Lemma increasing_AP_map_shift (al be al' be' a b : R) (h g : R -> R) :
  0 < al -> 0 < al' ->
  (forall x y, a < x -> x < y -> h x < h y) ->
  (forall x, a < x -> b < h x) ->
  (forall y, b < y -> a < g y /\ h (g y) = y) ->
  (forall x, a < x -> (AP al be x <-> AP al' be' (h x))) ->
  forall n0, a < al * INR n0 + be ->
  exists k0, forall i, h (al * INR (n0 + i) + be) = al' * INR (k0 + i) + be'.
Proof.
  intros hal hal' inc Hab Hg HX n0 Hn0.
  pose proof (fun i => AP_tail_gt al be a n0 i hal Hn0) as Hterm.
  destruct (proj1 (HX _ Hn0) (ex_intro _ n0 eq_refl)) as [k0 Hk0].
  exists k0. induction i as [|i IH]; [rewrite !Nat.add_0_r; exact Hk0|].
  destruct (proj1 (HX _ (Hterm (S i))) (ex_intro _ _ eq_refl)) as [k Hk].
  rewrite Hk.
  destruct (Nat.eq_dec k (k0 + S i)) as [->|Hne]; [reflexivity | exfalso].
  assert (Hlt : (k0 + i < k)%nat).
  { apply (AP_term_lt al' be'); [exact hal'|]. rewrite <- IH, <- Hk.
    apply inc; [apply Hterm | apply AP_term_lt; [exact hal | lia]]. }
  (* the skipped term y would have a preimage strictly between two consecutive terms *)
  set (y := al' * INR (k0 + S i) + be').
  assert (Hy : b < y).
  { specialize (Hab _ (Hterm i)). rewrite IH in Hab.
    assert (al' * INR (k0 + i) + be' < y) by (apply AP_term_lt; [exact hal' | lia]). lra. }
  destruct (Hg y Hy) as [Hgy Hhgy].
  destruct (proj2 (HX _ Hgy)) as [m Hm]; [rewrite Hhgy; exists (k0 + S i)%nat; reflexivity|].
  assert (L1 : al * INR (n0 + i) + be < g y).
  { apply (strictly_increasing_reflect a h inc); [apply Hterm | exact Hgy |].
    rewrite IH, Hhgy. apply AP_term_lt; [exact hal' | lia]. }
  assert (L2 : g y < al * INR (n0 + S i) + be).
  { apply (strictly_increasing_reflect a h inc); [exact Hgy | apply Hterm |].
    rewrite Hhgy, Hk. apply AP_term_lt; [exact hal' | lia]. }
  rewrite Hm in L1, L2. apply AP_term_lt in L1, L2; [|exact hal ..]. lia.
Qed.
Lemma leaves_below_inj : injective leaves_below.
Proof.
have oriented u w : ancestor u w -> leaves_below u = leaves_below w -> u = w.
  move=> a E; apply/eqP/negPn/negP => n; have [y hy] := leaves_below_proper a n.
  by rewrite -E hy.
move=> u w E; have [x hx] := exists_leaf_in u.
have hw : x \in leaves_below w by rewrite -E.
move: hx hw; rewrite !inE => hx hw.
by case/orP: (ancestor_total hx hw) => a; [apply: oriented | apply/esym/oriented].
Qed.

Definition lca x y := [arg max_(u > r | ancestor u x && ancestor u y) depth u].

Lemma lcaP x y : [/\ ancestor (lca x y) x, ancestor (lca x y) y &
  forall u, ancestor u x -> ancestor u y -> ancestor u (lca x y)].
Proof.
have r_common : ancestor r x && ancestor r y by rewrite !ancestor_root.
rewrite /lca; case: (@arg_maxnP _ r (fun u => ancestor u x && ancestor u y) depth r_common).
move=> m /andP[mx my] max_m.
split => // u ux uy.
by apply: (ancestor_of_ancestors ux mx); apply: max_m; rewrite ux uy.
Qed.

Lemma lca_unique x y m : ancestor m x -> ancestor m y ->
  (forall u, ancestor u x -> ancestor u y -> ancestor u m) -> lca x y = m.
Proof.
move=> mx my m_max; have [lx ly l_max] := lcaP x y.
by apply: ancestor_antisym; [apply: m_max | apply: l_max].
Qed.

Lemma lcaC x y : lca x y = lca y x.
Proof. by have [lx ly l_max] := lcaP y x; apply: lca_unique => // u ux uy; apply: l_max. Qed.

Lemma lca_siblings u a b c c' : is_child u c -> is_child u c' -> c != c' ->
  ancestor c a -> ancestor c' b -> lca a b = u.
Proof.
move=> h h' n ca cb; have ua := ancestor_trans (ancestor_child h) ca.
have ub := ancestor_trans (ancestor_child h') cb.
apply: lca_unique => // w wa wb.
case/orP: (ancestor_total wa ua) => // uw.
have [->|nw] := eqVneq u w; first exact: ancestor_refl.
have [cw aw] := child_towardP uw nw.
have e1 := sibling_eq cw h (ancestor_trans aw wa) ca.
have e2 := sibling_eq cw h' (ancestor_trans aw wb) cb.
by rewrite -e1 -e2 eqxx in n.
Qed.

Lemma lca_internal (x y : leaf) : x != y -> ~~ is_leaf (lca (val x) (val y)).
Proof.
move=> n; have [ax ay _] := lcaP (val x) (val y); apply/negP => l.
have xy : val x = val y := etrans (leaf_ancestor l ax) (esym (leaf_ancestor l ay)).
by rewrite (val_inj xy) eqxx in n.
Qed.

(* Every vertex other than the root has exactly one parent, and each internal vertex two
   children: |V| - 1 = 2 #internal, and |V| = #leaves + #internal. *)
Lemma card_internal : #|[pred v | ~~ is_leaf v]| = (#|{: leaf}| - 1)%N.
Proof.
have nonroots : #|predC1 r| = (\sum_v #|children v|)%N.
  rewrite -sum1_card (partition_big parent predT) //=; apply: eq_bigr => v _.
  by rewrite sum1dep_card; apply: eq_card => w; rewrite !inE.
have sum_children : (\sum_v #|children v|)%N = (#|[pred v | ~~ is_leaf v]| * 2)%N.
  rewrite -sum_nat_const [RHS]big_mkcond /=; apply: eq_bigr => v _; rewrite inE.
  case: (binary v) => [l|c2]; last by rewrite /is_leaf -cards_eq0 c2.
  by rewrite l; apply/eqP; rewrite cards_eq0.
have split_V : #|V| = (#|[pred v | is_leaf v]| + #|[pred v | ~~ is_leaf v]|)%N.
  by rewrite -(cardC [pred v | is_leaf v]); congr addn; apply: eq_card => v; rewrite !inE.
rewrite card_sig; move: nonroots sum_children split_V; rewrite cardC1 -subn1.
by move: (#|V|) (\sum_v _)%N (#|[pred v | is_leaf v]|) (#|[pred v | ~~ is_leaf v]|); lia.
Qed.

Section LeafMetric.
Variable R : realType.
Local Open Scope ring_scope.

Definition descendants u := [set w | ancestor u w].

(* The [enum_rank] term makes [height] injective. *)
Definition height u : R := (#|descendants u| * #|V| + enum_rank u)%N%:R.
(* Let $K=\langle a,b,s\mid sas^{-1}=ab,\ sbs^{-1}=b\rangle$ and $L=\langle c,q\mid c(qcq^{-1})=(qcq^{-1})c\rangle$ (these groups are isomorphic via $a\mapsto cq^{-1}$, $b\mapsto qcq^{-1}c^{-1}$, $s\mapsto c$). For $i\in\mathbb{Z}$ let $c_i=q^icq^{-i}\in L$. Then: (1) $C_L(c_i)=\langle c_{i-1},c_i,c_{i+1}\rangle$ for every $i\in\mathbb{Z}$; (2) $C_K(s)=\langle aba^{-1},b,s\rangle$.
   Context: $C_G(g)$ denotes the centraliser of $g$ in $G$. *)

From Stdlib Require Import ZArith.
Set Implicit Arguments.

Record Grp := {
  gcar :> Type;
  gmul : gcar -> gcar -> gcar;
  gone : gcar;
  ginv : gcar -> gcar;
  gmulA : forall x y z, gmul x (gmul y z) = gmul (gmul x y) z;
  gmul1 : forall x, gmul gone x = x;
  gmulV : forall x, gmul (ginv x) x = gone
}.

Arguments gmul {g} _ _.
Arguments gone {g}.
Arguments ginv {g} _.

Definition gconj {G : Grp} (y x : G) : G := gmul (gmul y x) (ginv y).

Fixpoint gpown {G : Grp} (x : G) (n : nat) : G :=
  match n with O => gone | S n => gmul x (gpown x n) end.

Definition gpowz {G : Grp} (x : G) (z : Z) : G :=
  match z with
  | Z0 => gone
  | Zpos p => gpown x (Pos.to_nat p)
  | Zneg p => ginv (gpown x (Pos.to_nat p))
  end.

Definition is_hom {G H : Grp} (f : G -> H) : Prop :=
  forall x y, f (gmul x y) = gmul (f x) (f y).

Definition centraliser {G : Grp} (g : G) : G -> Prop :=
  fun x => gmul x g = gmul g x.

Inductive gen {G : Grp} (S : G -> Prop) : G -> Prop :=
  | gen_in : forall x, S x -> gen S x
  | gen_one : gen S gone
  | gen_mul : forall x y, gen S x -> gen S y -> gen S (gmul x y)
  | gen_inv : forall x, gen S x -> gen S (ginv x).

Definition rel_L {G : Grp} (c q : G) : Prop :=
  gmul c (gconj q c) = gmul (gconj q c) c.
Lemma is_proj_exists x : closed S -> S !=set0 -> exists p, is_proj S x p.
Proof.
move=> cS [y0 Sy0]; set d := enorm (x - y0).
set K := [set y | S y /\ enorm (x - y) <= d].
have cK : closed K.
  apply: closedI => //.
  apply: (@preimage_closed _ _ (fun y => enorm (x - y)) [set r | r <= d]).
    by move=> z _; exact: continuous_enormB.
  exact: closed_le.
(* compactness of bounded closed sets is available for row vectors *)
set K' := [set v : 'rV[R]_m | K v^T].
have cK' : closed K'.
  apply: (@preimage_closed _ _ (fun v : 'rV[R]_m => v^T) K) => //.
  by move=> v _; exact: trmx_continuous.
have bK' : bounded_set K'.
  rewrite /= /bounded_near; near=> M => v [Sv Hv].
  rewrite /= [`|v|]/Num.Def.normr /= mx_normrE; apply: bigmax_le.
    by near: M; apply: nbhs_pinfty_ge; rewrite num_real.
  move=> [i j] _ /=; rewrite (ord1 i).
  apply: (le_trans (_ : _ <= enorm v^T)).
    by have := coord_le_enorm v^T j; rewrite mxE.
  rewrite -[v^T](subKr x); apply: (le_trans (enormD _ _)).
  rewrite enormN; have : enorm x + d <= M.
    by near: M; apply: nbhs_pinfty_ge; rewrite num_real.
  lra.
have coK : compact K.
  have -> : K = [set v^T | v in K'].
    apply/seteqP; split => y; last by move=> [v Kv <-].
    by move=> Ky; exists y^T; rewrite /K' /= ?trmxK.
  apply: continuous_compact; last exact: bounded_closed_compact.
  by apply: continuous_subspaceT => v; exact: trmx_continuous.
have K0 : K !=set0 by exists y0.
have [p pK pmin] :=
  compact_EVT_min K0 coK (continuous_subspaceT (@continuous_enormB _ _ x)).
move: pK; rewrite inE => -[Sp _]; exists p; split => // y Sy; have [Ky|nKy] := pselect (K y).
  by apply: pmin; rewrite inE.
apply: (le_trans (_ : _ <= d)); first by apply: pmin; rewrite inE.
by rewrite leNgt; apply/negP => /ltW yd; apply: nKy.
Unshelve. all: by end_near.
Qed.
Lemma is_SNR_md_balanced M P s2 x y : 0 < P -> 0 < s2 ->
  Cnorm2 (inner M x y) < vnorm2 M x * vnorm2 M y ->
  Cabs (inner M x y) <= vnorm2 M x -> Cabs (inner M x y) <= vnorm2 M y ->
  is_SNR_md M P s2 x y
    (P * ((vnorm2 M x * vnorm2 M y - Cabs (inner M x y) * Cabs (inner M x y)) /
          (vnorm2 M x + vnorm2 M y - 2 * Cabs (inner M x y))) / s2).
Proof.
  intros HP Hs2 Hdet Hga Hgb.
  set (a := vnorm2 M x) in *; set (b := vnorm2 M y) in *; set (G := inner M x y) in *.
  pose proof (Cabs_sqr G) as Hg2; pose proof (Cabs_nonneg G) as Hg0.
  set (g := Cabs G) in *.
  assert (HD : 0 < a + b - 2 * g) by nra.
  set (f := (a * b - g * g) / (a + b - 2 * g)).
  assert (Hf : 0 < f) by (apply Rdiv_lt_0_compat; lra).
  set (t := (b - g) / (a + b - 2 * g)).
  assert (Ht : 0 <= t <= 1).
  { unfold t; split; [apply Rmult_le_pos; [lra | apply Rlt_le, Rinv_0_lt_compat; lra]|].
    apply Rmult_le_reg_r with (a + b - 2 * g); [lra|]; field_simplify; lra. }
  assert (Ex : t * a + (1 - t) * g = f) by (unfold t, f; field; lra).
  assert (Ey : t * g + (1 - t) * b = f) by (unfold t, f; field; lra).
  assert (Ew : t * t * a + (1 - t) * (1 - t) * b + 2 * (t * (1 - t) * g) = f)
    by (unfold t, f; field; lra).
  apply is_SNR_md_of_gain_ratio; auto.
  - set (w := comb (t, 0) x (Cmul (1 - t, 0) (realign G)) y).
    assert (Hw : vnorm2 M w = f).
    { unfold w; rewrite vnorm2_comb, Cnorm2_mul, !Cnorm2_real, Cnorm2_realign.
      fold a b G; rewrite <- Ew.
      replace (Cmul (Cmul (Cconj (t, 0)) (Cmul (1 - t, 0) (realign G))) G)
        with (Cmul (Cmul (Cconj (t, 0)) (1 - t, 0)) (Cmul (realign G) G))
        by (rewrite !Cmul_assoc; reflexivity).
      rewrite Cmul_realign; unfold Cmul, Cconj; simpl; fold g; ring. }
    assert (Hxw : inner M x w = (f, 0)).
    { unfold w; rewrite inner_comb_r, inner_self, Cmul_assoc, Cmul_realign; fold a G g.
      rewrite <- Ex; unfold Cadd, Cmul; simpl; f_equal; ring. }
    assert (Hyw : inner M y w = Cmul (f, 0) (realign G)).
    { unfold w; rewrite inner_comb_r, inner_self, (inner_conj_sym M x y), Cconj_realign; fold b G g.
      rewrite <- Ey; destruct (realign G); unfold Cadd, Cmul; simpl; f_equal; ring. }
    exists w; split; [lra|].
    unfold min_gain; rewrite Hxw, Hyw, Cnorm2_mul, Cnorm2_real, Cnorm2_realign, Hw.
    rewrite Rmult_1_r; apply Rmin_left, Rle_refl.
  - intros w; rewrite <- Ew; apply min_gain_le_convex, Ht.
Qed.

Lemma SNR_zf_gram M P s2 h1 h2 : 0 < gram_det M h1 h2 -> 0 < s2 ->
  0 < vnorm2 M h1 + vnorm2 M h2 ->
  SNR_zf M P s2 h1 h2 = P * gram_det M h1 h2 / (s2 * (vnorm2 M h1 + vnorm2 M h2)).
Proof. intros; unfold SNR_zf; field; lra. Qed.

Lemma SNR_md_over_SNR_zf M P s2 h1 h2 snr :
  lin_indep2 M h1 h2 -> 0 < P -> 0 < s2 -> is_SNR_md M P s2 h1 h2 snr ->
  let a := vnorm2 M h1 in let b := vnorm2 M h2 in let g := Cabs (inner M h1 h2) in
  (g <= a -> g <= b -> snr / SNR_zf M P s2 h1 h2 = (a + b) / (a + b - 2 * g)) /\
  (a <= g -> snr / SNR_zf M P s2 h1 h2 = a * (a + b) / (a * b - g * g)) /\
  (b <= g -> snr / SNR_zf M P s2 h1 h2 = b * (a + b) / (a * b - g * g)).
Proof.
  intros Hindep HP Hs2 Hsnr; cbv zeta.
  pose proof (lin_indep2_vnorm2_pos_l M h1 h2 Hindep) as Ha.
  pose proof (lin_indep2_vnorm2_pos_r M h1 h2 Hindep) as Hb.
  pose proof (lin_indep2_gram_det_pos M h1 h2 Hindep) as Hdet.
  pose proof Hdet as Hgg; rewrite <- Cabs_sqr in Hgg.
  rewrite SNR_zf_gram by (unfold gram_det; lra); unfold gram_det; rewrite <- Cabs_sqr.
  split; [|split].
  - intros Hga Hgb.
    assert (0 < vnorm2 M h1 + vnorm2 M h2 - 2 * Cabs (inner M h1 h2)) by nra.
    rewrite (is_SNR_md_unique _ _ _ _ _ _ _ Hsnr (is_SNR_md_balanced M P s2 h1 h2 HP Hs2 Hdet Hga Hgb)).
    field; lra.
  - intros Hag.
    rewrite (is_SNR_md_unique _ _ _ _ _ _ _ Hsnr (is_SNR_md_matched M P s2 h1 h2 HP Hs2 Ha Hag)).
    field; lra.
  - intros Hbg; apply is_SNR_md_sym in Hsnr; rewrite <- (Cabs_inner_sym M h1 h2) in Hbg.
    rewrite (is_SNR_md_unique _ _ _ _ _ _ _ Hsnr (is_SNR_md_matched M P s2 h2 h1 HP Hs2 Hb Hbg)).
    field; lra.
Qed.

Lemma Rdiv_le_div_iff x y u v : 0 < u -> 0 < v -> x / u <= y / v <-> x * v <= y * u.
Proof.
  intros Hu Hv.
  replace (x * v) with (x / u * (u * v)) by (field; lra).
  replace (y * u) with (y / v * (u * v)) by (field; lra).
  split; intros H; [apply Rmult_le_compat_r | apply Rmult_le_reg_r with (u * v)]; nra.
Qed.

Section HermitianAngle.

Variables (M : nat) (h1 h2 : nat -> Cplx).
Hypotheses (Ha : 0 < vnorm2 M h1) (Hb : 0 < vnorm2 M h2).

Lemma sqrt_rho_of : sqrt (rho_of M h1 h2) = sqrt (vnorm2 M h1) / sqrt (vnorm2 M h2).
Proof. apply sqrt_div_alt, Hb. Qed.

Lemma rho_of_le_1_iff : rho_of M h1 h2 <= 1 <-> vnorm2 M h1 <= vnorm2 M h2.
Proof.
  unfold rho_of; rewrite <- (Rdiv_1_r 1), Rdiv_le_div_iff by lra.
  rewrite Rmult_1_r, Rmult_1_l; reflexivity.
Qed.

Let sa := sqrt (vnorm2 M h1).
Let sb := sqrt (vnorm2 M h2).

Lemma sqrt_vnorm2_spec :
  0 < sa /\ 0 < sb /\ vnorm2 M h1 = sa * sa /\ vnorm2 M h2 = sb * sb.
Proof.
  unfold sa, sb; repeat split; try (apply sqrt_lt_R0; assumption);
  symmetry; apply sqrt_sqrt; lra.
Qed.

Lemma sqrt_rho_mul_cos_herm :
  sqrt (rho_of M h1 h2) * cos_herm M h1 h2 = Cabs (inner M h1 h2) / vnorm2 M h2.
Proof.
  rewrite sqrt_rho_of; unfold cos_herm; fold sa sb.
  destruct sqrt_vnorm2_spec as (Hsa & Hsb & _ & ->); field; lra.
Qed.

Lemma cos_herm_sqr :
  cos_herm M h1 h2 ^ 2 = Cabs (inner M h1 h2) * Cabs (inner M h1 h2) / (vnorm2 M h1 * vnorm2 M h2).
Proof.
  unfold cos_herm; fold sa sb.
  destruct sqrt_vnorm2_spec as (Hsa & Hsb & -> & ->); field; lra.
Qed.

Lemma cos_herm_le_sqrt_rho_iff :
  cos_herm M h1 h2 <= sqrt (rho_of M h1 h2) <-> Cabs (inner M h1 h2) <= vnorm2 M h1.
Proof.
  rewrite sqrt_rho_of; unfold cos_herm; fold sa sb.
  destruct sqrt_vnorm2_spec as (Hsa & Hsb & -> & _).
  rewrite Rdiv_le_div_iff by nra.
  split; intros H; nra.
Qed.

Lemma cos_herm_le_inv_sqrt_rho_iff :
  cos_herm M h1 h2 <= 1 / sqrt (rho_of M h1 h2) <-> Cabs (inner M h1 h2) <= vnorm2 M h2.
Proof.
  rewrite sqrt_rho_of; unfold cos_herm; fold sa sb.
  destruct sqrt_vnorm2_spec as (Hsa & Hsb & _ & ->).
  replace (1 / (sa / sb)) with (sb / sa) by (field; lra).
  rewrite Rdiv_le_div_iff by nra.
  split; intros H; nra.
Qed.

End HermitianAngle.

PROBLEM STATEMENT: Search the material above for "destruct". Pull out each line where it shows up.

RESULT:
  destruct (proj1 (HX _ Hn0) (ex_intro _ n0 eq_refl)) as [k0 Hk0].
  destruct (proj1 (HX _ (Hterm (S i))) (ex_intro _ _ eq_refl)) as [k Hk].
  destruct (Nat.eq_dec k (k0 + S i)) as [->|Hne]; [reflexivity | exfalso].
  destruct (Hg y Hy) as [Hgy Hhgy].
  destruct (proj2 (HX _ Hgy)) as [m Hm]; [rewrite Hhgy; exists (k0 + S i)%nat; reflexivity|].
      rewrite <- Ey; destruct (realign G); unfold Cadd, Cmul; simpl; f_equal; ring. }
  destruct sqrt_vnorm2_spec as (Hsa & Hsb & _ & ->); field; lra.
  destruct sqrt_vnorm2_spec as (Hsa & Hsb & -> & ->); field; lra.
  destruct sqrt_vnorm2_spec as (Hsa & Hsb & -> & _).
  destruct sqrt_vnorm2_spec as (Hsa & Hsb & _ & ->).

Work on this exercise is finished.